Though the building alone covers a whopping 11 acres, you can't even see Microsoft (NSDQ: MSFT)'s new $550 million data center in the hills west of San Antonio until you're practically on top of it. But by that point, you can hardly see anything else.
These days, the massive data center is a bustling construction zone where visitors have to wear hardhats, helmets, orange safety vests, goggles and gloves. By September, it'll be the newest star in Microsoft's rapidly expanding collection of massive data centers, powering Microsoft's forays into cloud computing like Live Mesh and Exchange Online, among plenty of other as-yet-unannounced services.

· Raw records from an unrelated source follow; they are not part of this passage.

Lemma is_cvg_partial_info p : is_distr p -> cvgn (partial_info p).
Proof.
move=> dp; apply: nondecreasing_is_cvgn.
  apply/nondecreasing_seqP => n; rewrite /partial_info big_ord_recr /= lerDl.
  by rewrite divr_ge0 ?out_info_ge0 ?ltW ?ln2_gt0.
by exists (log2 #|A|%:R) => _ [N _ <-]; apply: partial_info_le_log2_card.
Qed.

Lemma minfo_ge0 p : is_distr p -> 0 <= minfo W p.
Proof.
move=> dp; rewrite minfoE; last by case: dp.
by apply: limr_ge; [exact: is_cvg_partial_info | apply: nearW => N; apply: partial_info_ge0].
Qed.

Lemma minfo_le_log2_card p : is_distr p -> minfo W p <= log2 #|A|%:R.
Proof.
move=> dp; rewrite minfoE; last by case: dp.
apply: limr_le; first exact: is_cvg_partial_info.
by apply: nearW => N; apply: partial_info_le_log2_card.
Qed.

Lemma minfo_concave (l : R) p1 p2 : is_distr p1 -> is_distr p2 -> 0 <= l <= 1 ->
  l * minfo W p1 + (1 - l) * minfo W p2 <= minfo W (mixd l p1 p2).
Proof.
move=> d1 d2 l01; have dm := is_distr_mix d1 d2 l01.
rewrite (minfoE d1.1) (minfoE d2.1) (minfoE dm.1).
have mix_cvg : (fun N => l * partial_info p1 N + (1 - l) * partial_info p2 N) @ \oo
    --> l * limn (partial_info p1) + (1 - l) * limn (partial_info p2).
  by apply: cvgD; apply: cvgMr; apply: is_cvg_partial_info.
apply: ler_cvg_to mix_cvg (is_cvg_partial_info dm) _.
apply: nearW => N; rewrite /partial_info -!mulr_suml !mulrA -mulrDl.
rewrite ler_pM2r ?invr_gt0 ?ln2_gt0 // !mulr_sumr -big_split ler_sum // => b _.
by apply: out_info_concave => //; [case: d1 | case: d2].
Qed.
Lemma connect_path_sym x s :
  symmetric r -> path r x s -> {in x :: s &, forall a b, connect r a b}.
Proof.
move=> r_sym pxs a b a_s b_s; apply: (connect_trans (y := x)).
  by rewrite sym_connect_sym //; apply: path_connect pxs _ a_s.
exact: path_connect pxs _ b_s.
Qed.

Lemma exists_shortest_path x y : connect r x y ->
  exists p, [/\ path r x p, last x p = y, uniq (x :: p) &
    forall s, path r x s -> last x s = y -> size p <= size s].
Proof.
move=> /connectP cxy.
pose has_path n := [exists t : n.-tuple T, path r x t && (last x t == y)].
have has_path_size s : path r x s -> last x s = y -> has_path (size s).
  by move=> pxs lxs; apply/existsP; exists (in_tuple s); rewrite /= pxs lxs eqxx.
have [|n /existsP[t /andP[pxt /eqP lxt]] n_min] := ex_minnP (P := has_path).
  by case: cxy => s pxs lxs; exists (size s); apply: has_path_size.
case: (shortenP pxt) lxt => p pxp uxp sub_p lxp.
exists p; split=> // s pxs lxs.
apply: leq_trans (n_min _ (has_path_size s pxs lxs)).
by rewrite -(size_tuple t) uniq_leq_size //; case/andP: uxp.
Qed.

Fixpoint reach_within (root : T) (n : nat) : {set T} :=
  if n is n'.+1 then
    reach_within root n' :|: [set y | [exists x in reach_within root n', r x y]]
  else [set root].

Lemma last_path_reach_within root s :
  path r root s -> last root s \in reach_within root (size s).
Proof.
elim/last_ind: s => [|s y IHs]; first by rewrite /= set11.
rewrite rcons_path last_rcons size_rcons => /andP[/IHs s_reach ry] /=.
by apply/setUP; right; rewrite inE; apply/existsP; exists (last root s); rewrite s_reach.
Qed.

Lemma reach_within_connect root n x : x \in reach_within root n -> connect r root x.
Proof.
elim: n x => [|n IHn] x /=; first by rewrite inE => /eqP ->.
case/setUP => [/IHn //|]; rewrite inE => /existsP[y /andP[/IHn ry yx]].
exact: connect_trans ry (connect1 yx).
Qed.

Lemma exists_bfs_parent root : exists par : T -> T, exists h : T -> nat,
  forall w, connect r root w -> w != root ->
    [/\ r (par w) w, connect r root (par w) & h (par w) < h w].
Proof.
have reachable w : exists n, (w \in reach_within root n) || ~~ connect r root w.
  case: (boolP (connect r root w)) => [/connectP[s ps ->]|_]; last first.
    by exists 0; rewrite orbT.
  by exists (size s); rewrite last_path_reach_within.
pose h w := ex_minn (reachable w).
have h_min w n : w \in reach_within root n -> h w <= n.
  by move=> wn; rewrite /h; case: ex_minnP => m _; apply; rewrite wn.
have h_reach w : connect r root w -> w \in reach_within root (h w).
  by move=> cw; rewrite /h; case: ex_minnP => m; rewrite cw orbF.
pose par w := odflt w [pick x in reach_within root (h w).-1 | r x w].
exists par, h => w cw w_root; rewrite /par.
move: (h_reach w cw); case hw: (h w) => [|n] /=; first by rewrite inE (negbTE w_root).
case/setUP => [/h_min|]; first by rewrite hw ltnn.
rewrite inE => /existsP[x /andP[xn xw]].
case: pickP => [y /andP[yn yw]|/(_ x)]; last by rewrite xn xw.
by split; [|apply: reach_within_connect yn|apply: h_min].
Qed.

End Paths.

Section SpanningEdges.
Variable T : finType.

Lemma card_le_edges_succ (W : {set T}) (F : {set {set T}}) root :
  root \in W -> {in W, forall w, connect (fun a b => [set a; b] \in F) root w} ->
  #|W| <= #|F|.+1.
Proof.
move=> rootW conW.
have [par [h par_spec]] := exists_bfs_parent (fun a b => [set a; b] \in F) root.
rewrite (cardsD1 root W) rootW add1n ltnS.
have par_inj : {in W :\ root &, injective (fun w => [set w; par w])}.
  move=> w1 w2 /setD1P[w1_root /conW c1] /setD1P[w2_root /conW c2] eq12.
  have [_ _ h1] := par_spec _ c1 w1_root; have [_ _ h2] := par_spec _ c2 w2_root.
  have /set2P[//|E1] : w1 \in [set w2; par w2] by rewrite -eq12 set21.
  have /set2P[//|E2] : w2 \in [set w1; par w1] by rewrite eq12 set21.
  by move: h1 h2; rewrite -E1 -E2 => /ltn_trans h12 /h12; rewrite ltnn.
rewrite -(card_in_imset par_inj); apply: subset_leq_card.
apply/subsetP => _ /imsetP[w /setD1P[w_root /conW cw] ->].
by have [] := par_spec _ cw w_root; rewrite setUC.
Qed.

Lemma exists_spanning_edges (e : rel T) (W : {set T}) root :
  root \in W -> {in W, forall w, connect (induced e W) root w} ->
  exists2 F, conn_subgraph e (W, F) & #|F| < #|W|.
Proof.
move=> rootW conW.
have [par [h par_spec]] := exists_bfs_parent (induced e W) root.
pose F := [set [set w; par w] | w in W :\ root].
exists F; last first.
  by apply: leq_ltn_trans (leq_imset_card _ _) _; rewrite (cardsD1 root W) rootW.
have F_sym : symmetric (fun a b => [set a; b] \in F) by move=> a b; rewrite setUC.
have to_root n w : h w <= n -> connect (induced e W) root w ->
    connect (fun a b => [set a; b] \in F) w root.
  elim: n w => [|n IHn] w hw cw; have [->|w_root] := eqVneq w root; rewrite ?connect0 //.
    by have [_ _] := par_spec _ cw w_root; rewrite ltnNge (leq_trans hw).
  have [/= /andP[/andP[_ _] Ww] c_par h_par] := par_spec _ cw w_root.
  apply: connect_trans (connect1 _) (IHn _ _ c_par); first by apply: imset_f; rewrite !inE w_root.
  by rewrite -ltnS (leq_trans h_par).
apply/andP; split.
  apply/forallP => f; apply/implyP => /imsetP[w /setD1P[w_root /conW cw] ->].
  have [/= /andP[/andP[e_par par_W] w_W] _ _] := par_spec _ cw w_root.
  apply/existsP; exists (par w); rewrite par_W /=; apply/existsP; exists w.
  by rewrite w_W e_par setUC eqxx.
apply/forallP => x; apply/implyP => /conW cx; apply/forallP => y; apply/implyP => /conW cy.
apply: connect_trans (to_root _ _ (leqnn _) cx) _.
by rewrite sym_connect_sym //; apply: to_root (leqnn _) cy.
Qed.

End SpanningEdges.

Section BlockGraph.
Variables (T : finType) (e : rel T).

Definition avoid (z : T) := [rel a b | e a b && (a != z) && (b != z)].

Definition separates (z x y : T) := [&& x != z, y != z & ~~ connect (avoid z) x y].

Definition steiner_hull (A : {set T}) :=
  [set z | (z \in A) || [exists x in A, exists y in A, separates z x y]].

Lemma subset_hull (A : {set T}) : A \subset steiner_hull A.
Proof. by apply/subsetP => z zA; rewrite inE zA. Qed.

Lemma hull_cut_vertex (A : {set T}) v : v \in steiner_hull A :\: A -> cut_vertex e v.
Proof.
rewrite !inE => /andP[/negbTE -> /= /exists_inP[x _ /exists_inP[y _ v_sep]]].
by apply/existsP; exists x; apply/existsP; exists y.
Qed.

Lemma path_avoid z x s : path e x s -> z \notin x :: s -> path (avoid z) x s.
Proof.
move=> pxs z_xs; apply: (sub_in_path (P := predC1 z)) _ _ pxs.
  by move=> a b; rewrite !inE => az bz eab; rewrite /= eab az bz.
by apply/allP => u u_xs; rewrite inE; apply: contraNneq z_xs => <-.
Qed.
Lemma I_12_Y_mix : m12 f = m12 g ->
  I_12_Y (mix l f g) <= l * I_12_Y f + (1 - l) * I_12_Y g.
Proof.
move=> m12_fg; rewrite /I_12_Y m12_mix mY_mix mall_mix -m12_fg -mY_fg !mix_idem.
by have := ent_concave l01 (fun u => (pmf_f.1 u)) (fun u => pmf_g.1 u); lra.
Qed.

End Convexity.
End Mixtures.

Section IndependentInputs.
Variables (R : realType) (X1 X2 Y : finType) (W : X1 -> X2 -> Y -> R).
Variables (p1 : X1 -> R) (p2 : X2 -> R).
Hypotheses (pmf_p1 : is_pmf p1) (pmf_p2 : is_pmf p2).

Lemma pmf_prod : is_pmf (fun u : X1 * X2 => p1 u.1 * p2 u.2).
Proof.
case: pmf_p1 pmf_p2 => [p10 p11] [p20 p21]; split => [u|]; first exact: mulr_ge0.
rewrite sum_pair -p11; apply: eq_bigr => a _.
by rewrite /= -mulr_sumr p21 mulr1.
Qed.

Lemma ent_prod : ent (fun u : X1 * X2 => p1 u.1 * p2 u.2) = ent p1 + ent p2.
Proof.
case: pmf_p1 pmf_p2 => [p10 p11] [p20 p21]; rewrite /ent sum_pair -opprD.
congr (- _).
transitivity (\sum_a \sum_b (p1 a * ln (p1 a) * p2 b + p1 a * (p2 b * ln (p2 b)))).
  apply: eq_bigr => a _; apply: eq_bigr => b _ /=.
  have [->|n1] := eqVneq (p1 a) 0; first by rewrite !(mulr0, mul0r, add0r).
  have [->|n2] := eqVneq (p2 b) 0; first by rewrite !(mulr0, mul0r, addr0).
  by rewrite lnM ?posrE ?lt0r ?n1 ?n2 ?p10 ?p20 //; ring.
under eq_bigr => a _ do rewrite big_split /= -!mulr_sumr p21 mulr1.
by rewrite big_split /= -mulr_suml p11 mul1r.
Qed.

Hypothesis W_channel : is_channel W.

Lemma m12_Pprod : m12 (Pprod W p1 p2) = fun u => p1 u.1 * p2 u.2.
Proof.
apply: funext => u; rewrite /m12 /Pprod -mulr_sumr.
by case: (W_channel u.1 u.2) => _ ->; rewrite mulr1.
Qed.

Lemma I_1_2_Pprod : I_1_2 (Pprod W p1 p2) = 0.
Proof.
have m1P : m1 (Pprod W p1 p2) = p1.
  apply: funext => a; rewrite -[RHS]mulr1 -pmf_p2.2 mulr_sumr.
  by apply: eq_bigr => b _; rewrite -/(m12 _ (a, b)) m12_Pprod.
have m2P : m2 (Pprod W p1 p2) = p2.
  apply: funext => b; rewrite -[RHS]mul1r -pmf_p1.2 mulr_suml.
  by apply: eq_bigr => a _; rewrite -/(m12 _ (a, b)) m12_Pprod.
by rewrite /I_1_2 m1P m2P m12_Pprod ent_prod; ring.
Qed.

End IndependentInputs.

Lemma pos_part_ge0 (R : realType) (t : R) : 0 <= pos_part t.
Proof. by rewrite /pos_part le_max lexx. Qed.

Lemma le_pos_part (R : realType) (t : R) : t <= pos_part t.
Proof. by rewrite /pos_part le_max lexx orbT. Qed.

Section RateBounds.
Variables (R : realType) (X1 X2 Y : finType) (q : X1 -> X2 -> Y -> R).
Implicit Types (f g P : jdist R X1 X2 Y) (D : set (jdist R X1 X2 Y)).

Lemma emin_lbound D (F : jdist R X1 X2 Y -> R) f : D f -> (emin D F <= (F f)%:E)%E.
Proof. by move=> Df; apply: ereal_inf_lbound; exists f. Qed.

Lemma emin_ltP D (F : jdist R X1 X2 Y -> R) (x : R) :
  (emin D F < x%:E)%E -> exists2 f, D f & F f < x.
Proof. by move=> /ereal_inf_lt[_ [f Df <-]]; rewrite lte_fin; exists f. Qed.

Lemma emin_mono D D' (F F' : jdist R X1 X2 Y -> R) :
  (forall f, D f -> D' f /\ F' f <= F f) -> (emin D' F' <= emin D F)%E.
Proof.
move=> DD'; apply: le_ereal_inf_tmp => _ [f Df <-]; have [D'f le] := DD' f Df.
by apply: (le_trans (emin_lbound F' D'f)); rewrite lee_fin.
Qed.

Lemma G_m12 P f : G q P f -> m12 f = m12 P.
Proof. by case=> _ [e _]; apply: funext. Qed.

Pulling in, visitors are stopped by Securitas guards who check IDs and ask if they work for Microsoft. An incomplete gate marks the way. Microsoft's general manager of data center services, Mike Manos, won't say exactly what security measures will be in place when the data center opens, but won't rule anything out. "Will the gates be able to stop a speeding Mack truck?" I ask. "Or more," he responds. "Will you have biometrics?" "We have just about everything."
As the car rounds the bend beyond the gate, the building sweeps into full view. The San Antonio data center building itself is 475,000 square feet, or about 11 acres. It's a 1.3 mile walk to circumnavigate the building. To get a perspective on that, it's one building that's the size of almost 10 football fields laid out side-by-side, or 1/10th the floor space of the entire Sears Tower, covered with servers and electrical equipment. "I thought I understood what scale looked like," Manos says.